# Chat auf Webserver



## nfsmw15 (7. Dezember 2007)

Hallo,

weiß nicht ob ich hier richtig bin aber Ich suche Chats die über PHP und HTML, Flash oder sonstige spachen laufen. Hat da jamend schon erfahrungen gemacht? Habe schon mal in Google nach geschaut ob es da irgent eine Topliste für gibt aber anscheinen gibt es keine.

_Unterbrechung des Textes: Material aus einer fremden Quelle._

Lemma bounded_cont_functional phi :
  linear phi -> bounded_functional phi -> cont_functional phi.
Proof.
move=> phi_lin [M phi_le] x e e_gt0.
have M1_gt0 : 0 < `|M| + 1 by rewrite ltr_wpDl.
exists (e / (`|M| + 1)); first by rewrite divr_gt0.
move=> y; rewrite rnorm_lt -(zmod_morphism_linear phi_lin) rnorm_lt => xy_lt.
apply: le_lt_trans (phi_le _) _.
apply: le_lt_trans (_ : _ <= (`|M| + 1) * rnorm (x - y)) _.
  by rewrite ler_wpM2r ?rnorm_ge0 // (le_trans (ler_norm M)) // lerDl.
by rewrite -ltr_pdivlMl // mulrC.
Qed.

Lemma cont_functional_bounded phi :
  linear phi -> cont_functional phi -> bounded_functional phi.
Proof.
move=> phi_lin phi_cont; have [d d_gt0 phi_lt1] := phi_cont 0 1 ltr01.
exists (2 / d) => x; have [x0|x_neq0] := eqVneq x 0.
  by rewrite x0 linear_fun0 // !rnorm0 mulr0.
have x_gt0 : 0 < rnorm x by rewrite rnorm_gt0.
pose k := d / (2 * rnorm x).
have k_gt0 : 0 < k by rewrite divr_gt0 // mulr_gt0.
have kx : k * rnorm x = d / 2 by rewrite /k; field; rewrite gt_eqF.
have kx_lt : `|0 - k%:C *: x| < d%:C.
  by rewrite rnorm_lt sub0r rnormN (rnormZ_ge0 _ (ltW k_gt0)) kx; lra.
have := phi_lt1 _ kx_lt.
rewrite linear_fun0 // (scalable_linear phi_lin).
rewrite !sub0r normrN rnorm_lt rnormM rnormC (ger0_norm (ltW k_gt0)) => /ltW phi_kx.
rewrite -(ler_pM2l k_gt0) (_ : k * (2 / d * rnorm x) = 1) //.
by rewrite /k; move: (rnorm x) x_gt0 => n n_gt0; field; rewrite !gt_eqF.
Qed.

Lemma dualP phi : dual phi <-> linear phi /\ bounded_functional phi.
Proof.
split=> [[phi_lin phi_cont]|[phi_lin phi_bd]]; split=> //.
  exact: cont_functional_bounded.
exact: bounded_cont_functional.
Qed.

Lemma dual0 : dual (fun _ : A => 0 : R[i]).
Proof.
apply/dualP; split; first by move=> c x y; rewrite scaler0 addr0.
by exists 0 => x; rewrite rnorm0 mul0r.
Qed.

Lemma dualD phi psi : dual phi -> dual psi -> dual (fun x => phi x + psi x).
Proof.
move=> /dualP[phi_lin [M1 phi_le]] /dualP[psi_lin [M2 psi_le]]; apply/dualP; split.
  by move=> c x y; rewrite phi_lin psi_lin scalerDr addrACA.
exists (M1 + M2) => x; rewrite mulrDl; apply: le_trans (ler_rnormD _ _) _.
exact: lerD.
Qed.

Lemma dualM c phi : dual phi -> dual (fun x => c * phi x).
Proof.
move=> /dualP[phi_lin [M phi_le]]; apply/dualP; split.
  by move=> c' x y; rewrite phi_lin mulrDr [_ *: _]/(_ * _) mulrCA.
exists (rnorm c * M) => x; rewrite rnormM -mulrA.
by apply: ler_wpM2l; [apply: rnorm_ge0 | apply: phi_le].
Qed.

Lemma dualB phi psi : dual phi -> dual psi -> dual (fun x => phi x - psi x).
Proof.
move=> dphi dpsi; have := dualD dphi (dualM (-1) dpsi).
by congr dual; apply/funext => x; rewrite mulN1r.
Qed.

Lemma SubDual_Fann (V : set A) : SubDual (Fann V).
Proof.
split=> [phi []//|||].
- by split=> //; apply: dual0.
- move=> phi psi [dphi phiV] [dpsi psiV]; split; first exact: dualD.
  by move=> v Vv; rewrite phiV // psiV // addr0.
- move=> c phi [dphi phiV]; split; first exact: dualM.
  by move=> v Vv; rewrite phiV // mulr0.
Qed.

Lemma dual_norm_ub phi a : dual phi -> rnorm a <= 1 -> rnorm (phi a) <= dual_norm phi.
Proof.
move=> /dualP[_ [M phi_le]] a_le1.
apply: ub_le_sup; last by exists a; rewrite /= ?rnorm_le1.
exists `|M| => _ [b /= /[!rnorm_le1] b_le1 <-]; apply: le_trans (phi_le b) _.
rewrite (le_trans (ler_norm _)) // normrM (ger0_norm (rnorm_ge0 b)).
by rewrite ler_piMr.
Qed.

Lemma dual_norm_le phi (K : R) :
  (forall a, rnorm a <= 1 -> rnorm (phi a) <= K) -> dual_norm phi <= K.
Proof.
move=> phi_le; apply: ge_sup; first by exists (rnorm (phi 0)), 0; rewrite /= ?normr0.
by move=> _ [a /= /[!rnorm_le1] a_le1 <-]; apply: phi_le.
Qed.

Lemma dual_norm_ge0 phi : dual phi -> 0 <= dual_norm phi.
Proof.
move=> dphi; apply: le_trans (dual_norm_ub dphi (_ : rnorm 0 <= 1)).
  exact: rnorm_ge0.
by rewrite rnorm0.
Qed.

Lemma rnorm_dual_le phi x : dual phi -> rnorm (phi x) <= dual_norm phi * rnorm x.
Proof.
move=> dphi; have [phi_lin _] := dphi; have [->|x_neq0] := eqVneq x 0.
  by rewrite linear_fun0 // !rnorm0 mulr0.
have x_gt0 : 0 < rnorm x by rewrite rnorm_gt0.
have := dual_norm_ub dphi (_ : rnorm ((rnorm x)^-1%:C *: x) <= 1).
rewrite (scalable_linear phi_lin) rnormM rnormC rnormZ_ge0 ?invr_ge0 ?rnorm_ge0 //.
rewrite ger0_norm ?invr_ge0 ?rnorm_ge0 // mulVf ?gt_eqF // => /(_ (lexx 1)).
by rewrite ler_pdivrMl // mulrC.
Qed.
Lemma homot_edge_reduction s (e : edge) : edge_ok e -> e_src e = s ->
  homot s (e :: reduction (e_tgt e)) (reduction s).
Proof.
move=> He Hs; case Hd: (e_dir e); first exact: reduction_coherent.
(* a backward step is the inverse of a forward step out of its target *)
have Hf : forward_step (e_tgt e) (e_inv e) by rewrite /forward_step e_src_inv /= Hd.
have := reduction_coherent Hf; rewrite e_tgt_inv Hs => Hinv.
apply: homot_trans (_ : homot s (e :: e_inv e :: reduction s) _).
  by apply: (homot_cons basis_parallel He Hs); apply: homot_sym.
have Hee : is_path s [:: e; e_inv e] s by rewrite /= e_src_inv e_tgt_inv Hs.
have := homot_inv branching_basis He; rewrite Hs => H.
exact: (homot_catr basis_parallel H Hee (is_path_reduction s)).
Qed.

Lemma homot_reduction s p t : is_path s p t ->
  homot s p (reduction s ++ path_inv (reduction t)).
Proof.
elim: p s => [|e p IH] s /=.
  by move=> <-; apply: homot_sym; exact: (homot_cat_inv branching_basis (is_path_reduction s)).
move=> [He [Hs Hp]].
have Hinv : is_path (nf (e_tgt e)) (path_inv (reduction t)) t.
  by rewrite (nf_path Hp); apply: is_path_inv; apply: is_path_reduction.
apply: homot_trans (homot_cons basis_parallel He Hs (IH _ Hp)) _.
have Hred : is_path s (e :: reduction (e_tgt e)) (nf (e_tgt e)).
  by split; [|split; last exact: is_path_reduction].
exact: (homot_catr basis_parallel (homot_edge_reduction He Hs) Hred Hinv).
Qed.

Lemma branching_basis_homotopy_basis : homotopy_basis R branching_basis.
Proof.
split=> [s p q /branching_basis_parallel //|s t p q Hp Hq].
by apply: homot_trans (homot_reduction Hp) _; apply: homot_sym; apply: homot_reduction.
Qed.

End CompleteRewritingSystem.

(** * A finite complete presentation of lps_n *)

Section LPSPresentation.
Variable n : nat.
Local Notation tableau := (seq (seq 'I_n)).
Local Notation rins := (@lps_rins n).

Definition boxes (T : tableau) : nat := sumn (map size T).

(* Boxes of the [i]-th column (from 0) count [i + 1] times. *)
Fixpoint moment (T : tableau) : nat := if T is _ :: T' then boxes T + moment T' else 0.

Lemma boxes_cons c (T : tableau) : boxes (c :: T) = size c + boxes T.
Proof. by []. Qed.

Lemma boxes_cat (A B : tableau) : boxes (A ++ B) = boxes A + boxes B.
Proof. by rewrite /boxes map_cat sumn_cat. Qed.

Lemma moment_cat (A B : tableau) : moment (A ++ B) = moment A + size A * boxes B + moment B.
Proof. by elim: A => [|c A IH] //=; rewrite IH !boxes_cons boxes_cat; lia. Qed.

Lemma boxes_rins (T : tableau) x : boxes (rins T x) = (boxes T).+1.
Proof.
elim: T => [|c T IH] //=; case: c => [|z c] /=; first by rewrite !boxes_cons IH.
by case: ifP => _ /=; rewrite !boxes_cons ?IH /=; lia.
Qed.

Lemma boxes_foldl_rins (T : tableau) w : boxes (foldl rins T w) = boxes T + size w.
Proof. by elim: w T => [|x w IH] T /=; rewrite ?addn0 // IH boxes_rins addSnnS. Qed.

Lemma boxes_Rl w : boxes (lps_Rl w) = size w.
Proof. exact: boxes_foldl_rins. Qed.

Lemma size_reading (T : tableau) : size (reading T) = boxes T.
Proof. by elim: T => [|c T IH] //=; rewrite reading_cons size_cat size_rev IH. Qed.

Lemma size_rins (T : tableau) x : size (rins T x) <= (size T).+1.
Proof.
elim: T => [|c T IH] //=; case: c => [|z c] /=; first by rewrite ltnS.
by case: ifP => _ //=; rewrite ltnS.
Qed.

Lemma size_rins_caught (T : tableau) x :
  has (fun c => ~~ passes x c) T -> size (rins T x) = size T.
Proof.
elim: T => [|c T IH] //=; case: c => [|z c] /=; first by move/IH ->.
by rewrite -ltnNge; case: ifP => //= _ /IH ->.
Qed.

Lemma size_foldl_rins_column (T : tableau) c : sorted (@ord_lt n) c ->
  size (foldl rins T (rev c)) <= (size T).+1.
Proof.
elim: c => [|z c IH] //=; rewrite rev_cons -cats1 foldl_cat /=.
case: c IH => [|w c] IH /=; first by move=> _; apply: size_rins.
case/andP=> Hzw Hs; move: (IH Hs); rewrite rev_cons -cats1 foldl_cat /=.
have [A [B [-> _ Hcatch]]] := rins_split (foldl rins T (rev c)) w.
by rewrite size_rins_caught // has_cat Hcatch.
Qed.

Lemma foldl_rins_head (h : 'I_n) ys c (T : tableau) :
  ~~ passes h c -> all (fun y : 'I_n => (h < y)%N) ys ->
  exists c' T', [/\ foldl rins (c :: T) ys = c' :: T', ~~ passes h c' & size c <= size c'].
Proof.
elim: ys c T => [|y ys IH] c T Hc /=; first by exists c, T.
case/andP=> Hy Hys; case: c Hc => [|z c] //= Hc.
case: ifP => _; last exact: IH.
have Hyzc : ~~ passes h (y :: z :: c) by rewrite /= -ltnNge.
have [c' [T' [E Hc' Hsz]]] := IH _ T Hyzc Hys.
by exists c', T'; split=> //; apply: ltnW.
Qed.

Lemma Rl_column c : sorted (@ord_lt n) c -> lps_Rl (rev c) = if c is [::] then [::] else [:: c].
Proof. by case: c => [|z c] // Hs; rewrite /lps_Rl foldl_rins_column. Qed.

(* Inserting the column [h :: d] after the column [c] puts [h] at the bottom of the
   first column. *)
Lemma Rl_two_columns c (h : 'I_n) d : sorted (@ord_lt n) c -> sorted (@ord_lt n) (h :: d) ->
  ~~ passes h c -> exists c' T,
  [/\ lps_Rl (rev c ++ rev (h :: d)) = c' :: T, size c < size c', size T <= 1 &
      size c' + boxes T = size c + (size d).+1].
Proof.
move=> Hc Hhd Hh; rewrite /lps_Rl foldl_cat -/(lps_Rl _) Rl_column //.
case: c Hc Hh => [|z c] // Hc Hh.
have Hsize := size_foldl_rins_column [:: z :: c] Hhd.
have Hboxes := boxes_foldl_rins [:: z :: c] (rev (h :: d)).
rewrite rev_cons -cats1 foldl_cat in Hsize Hboxes *.
have Hd : all (fun y : 'I_n => (h < y)%N) (rev d).
  by rewrite all_rev (order_path_min (@ord_lt_trans n)).
have [[|z' c'] [T [E //= Hz' Hsz]]] := foldl_rins_head [::] Hh Hd.
have Hhz : (h < z')%N by rewrite ltnNge.
rewrite E /= Hhz in Hsize Hboxes *; exists (h :: z' :: c'), T.
rewrite /boxes /= !size_cat size_rev /= in Hsize Hboxes *.
by split=> //; lia.
Qed.

Lemma is_lps_tableau_cons2 c d (T : tableau) :
  is_lps_tableau [:: c; d] -> is_lps_tableau (d :: T) -> is_lps_tableau [:: c, d & T].
Proof.
case: c => [|zc c] //; case: d => [|zd d] //= /andP [/andP [Hc /andP [/andP [Hzd Hd] _]] _].
move=> /andP [/andP [Hsd HT] VT]; rewrite Hc Hsd HT VT /= Hzd Hd andbT /=.
by apply: sub_all HT => e; apply: sub_all => y; apply: leq_trans Hzd.
Qed.

Lemma moment_small (T : tableau) : size T <= 1 -> moment T = boxes T.
Proof. by case: T => [|c [|]] //= _; rewrite addn0. Qed.

Lemma Rl_reading_moment (T : tableau) : all (sorted (@ord_lt n)) T -> size T <= 2 ->
  ~~ is_lps_tableau T ->
  size (lps_Rl (reading T)) <= size T /\
  moment (lps_Rl (reading T)) + size (lps_Rl (reading T)) < moment T + size T.
Proof.
case: T => [|c [|d [|]]] //=.
  by case: c => [|z c] //= /andP [->].
rewrite andbT reading_cons /reading /= cats0 => /andP [Hc Hd] _.
case: c Hc => [|z c] Hc /=.
  by rewrite Rl_column //; case: d Hd => [|h d] //= _; rewrite /boxes /=; lia.
case: d Hd => [|h d] Hd /=; first by rewrite cats0 Rl_column //= /boxes /=; lia.
rewrite (Hc : path _ z c) (Hd : path _ h d) /= => Hzd.
have Hh : ~~ passes h (z :: c).
  apply: contra Hzd => /= Hzh; rewrite Hzh ?andbT /=; apply/allP => y Hy.
  exact: leq_trans Hzh (ltnW (allP (order_path_min (@ord_lt_trans n) Hd) y Hy)).
have [c' [T [-> Hsz HT Hb]]] := Rl_two_columns Hc Hd Hh.
rewrite /= moment_small // /boxes /= in Hb Hsz *; split=> //; lia.
Qed.

Definition ncols : nat := #|{set 'I_n}|.
Local Notation word := (seq 'I_ncols).

(* The generators of lps_n are the columns, i.e. the subsets of ['I_n], the empty one
   included; a column is listed from its bottom (smallest) entry upwards. *)
Definition column (i : 'I_ncols) : seq 'I_n := [seq x <- enum 'I_n | x \in enum_val i].
Definition column_gen (c : seq 'I_n) : 'I_ncols := enum_rank [set x in c].
Definition gen_word (i : 'I_ncols) : seq 'I_n := rev (column i).
Definition expand (u : word) : seq 'I_n := flatten (map gen_word u).
Definition tableau_of (u : word) : tableau := map column u.
Definition is_normal (u : word) : bool := is_lps_tableau (tableau_of u).
Definition nf (u : word) : word := map column_gen (lps_Rl (expand u)).
Definition lps_measure (u : word) : nat := moment (tableau_of u) + size u.
Definition lps_rules : seq (word * word) :=
  [seq (u, nf u) | u <- words_of_size ncols 1 ++ words_of_size ncols 2 & ~~ is_normal u].

Lemma sorted_enum_ord : sorted (@ord_lt n) (enum 'I_n).
Proof. by have := iota_ltn_sorted 0 n; rewrite -val_enum_ord sorted_map. Qed.

Lemma sorted_column i : sorted (@ord_lt n) (column i).
Proof. exact: (sorted_filter (@ord_lt_trans n) _ sorted_enum_ord). Qed.

Lemma column_genK c : sorted (@ord_lt n) c -> column (column_gen c) = c.
Proof.
move=> Hc; apply: (irr_sorted_eq (@ord_lt_trans n)) => //; first exact: ltnn.
  exact: sorted_column.
by move=> x; rewrite /column /column_gen enum_rankK mem_filter in_set mem_enum andbT.
Qed.

Lemma columnK i : column_gen (column i) = i.
Proof.
rewrite /column_gen; have -> : [set x in column i] = enum_val i.
  by apply/setP => x; rewrite in_set /column mem_filter mem_enum andbT.
exact: enum_valK.
Qed.

Lemma expand_reading u : expand u = reading (tableau_of u).
Proof. by rewrite /expand /reading /tableau_of -map_comp. Qed.

Lemma expand_cat u v : expand (u ++ v) = expand u ++ expand v.
Proof. by rewrite /expand map_cat flatten_cat. Qed.

Lemma tableau_of_column_gen (T : tableau) : is_lps_tableau T ->
  tableau_of (map column_gen T) = T.
Proof.
elim: T => [|c T IH] //=; case: c => [|z c] //= /andP [/andP [Hc _] HT].
by rewrite column_genK // IH.
Qed.

Lemma tableau_of_nf u : tableau_of (nf u) = lps_Rl (expand u).
Proof. by rewrite tableau_of_column_gen // is_lps_tableau_Rl. Qed.

Lemma nf_normal u : is_normal u -> nf u = u.
Proof.
move=> Hu; rewrite /nf expand_reading Rl_reading //.
by rewrite /tableau_of -map_comp (eq_map columnK) map_id.
Qed.

Lemma Rl_expand_nf x l y : lps_Rl (expand (x ++ nf l ++ y)) = lps_Rl (expand (x ++ l ++ y)).
Proof.
rewrite !expand_cat /lps_Rl !foldl_cat; congr foldl.
by rewrite (foldl_rins_Rl _ (expand l)) [expand (nf l)]expand_reading tableau_of_nf.
Qed.

Lemma boxes_nf u : boxes (tableau_of (nf u)) = boxes (tableau_of u).
Proof. by rewrite tableau_of_nf boxes_Rl expand_reading size_reading. Qed.

Lemma nf_measure l : ~~ is_normal l -> size l <= 2 ->
  size (nf l) <= size l /\
  moment (tableau_of (nf l)) + size (nf l) < moment (tableau_of l) + size l.
Proof.
move=> Hn Hl; rewrite tableau_of_nf /nf size_map expand_reading.
rewrite -(size_map column l) -/(tableau_of l) in Hl *.
apply: Rl_reading_moment Hl Hn.
by apply/allP => c /mapP [i _ ->]; apply: sorted_column.
Qed.

Lemma lps_rulesP r : List.In r lps_rules ->
  [/\ r.2 = nf r.1, ~~ is_normal r.1 & size r.1 <= 2].
Proof.
move/InP/mapP => [u]; rewrite mem_filter => /andP [Hn Hu] -> /=; split => //.
by move: Hu; rewrite mem_cat => /orP [] /size_words_of_size ->.
Qed.

Lemma lps_rules_mem l : ~~ is_normal l -> 0 < size l <= 2 -> List.In (l, nf l) lps_rules.
Proof.
move=> Hn Hl; apply/InP/mapP; exists l => //; rewrite mem_filter Hn mem_cat.
by case: l Hn Hl => [|i [|j [|]]] //= _ _; rewrite ?words_of_sizeP ?orbT.
Qed.

Lemma lps_rules_lhs_size r : List.In r lps_rules -> size r.1 <= 2.
Proof. by case/lps_rulesP. Qed.

Lemma lps_measure_rule x r y : List.In r lps_rules ->
  lps_measure (x ++ r.2 ++ y) < lps_measure (x ++ r.1 ++ y).
Proof.
case/lps_rulesP => -> Hn Hl; have [Hsize Hmom] := nf_measure Hn Hl.
rewrite /lps_measure /tableau_of !map_cat !moment_cat !boxes_cat -!/(tableau_of _) boxes_nf.
rewrite !size_cat !size_map -!/(tableau_of _) in Hsize Hmom *.
have := leq_mul Hsize (leqnn (boxes (tableau_of y))); lia.
Qed.

Lemma nf_lps_rule x r y : List.In r lps_rules -> nf (x ++ r.1 ++ y) = nf (x ++ r.2 ++ y).
Proof. by case/lps_rulesP => -> _ _; rewrite /nf Rl_expand_nf. Qed.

Ich suche Chats die auf meinem eigenen Webserver laufen sowas wie GTChat nur da er zu viele Ressourcen verbraucht kann ich diesen nicht nehmen.


----------



## Michael Engel (7. Dezember 2007)

Ein reiner PHP Chat wird immer sehr rechenintensiv sein. Daran lässt sich nichts drehen. Diese müssen im Sekundentakt oder noch öfter den Server Pollen ob es neues gibt.

Also wenn es dein eigener Webserver ist, ist ein IRC Server eigentlich immer eine gute Basis. Dafür findest du dann auch viele Clients wie CGI::IRC oder Java Applets. Die noch Ressourcen Schonender sind.

Wenn nicht, kannst du dich immernoch auf dem Quakenet oder anderen IRC Netzwerken einnisten mit einem eigenen Channel.


----------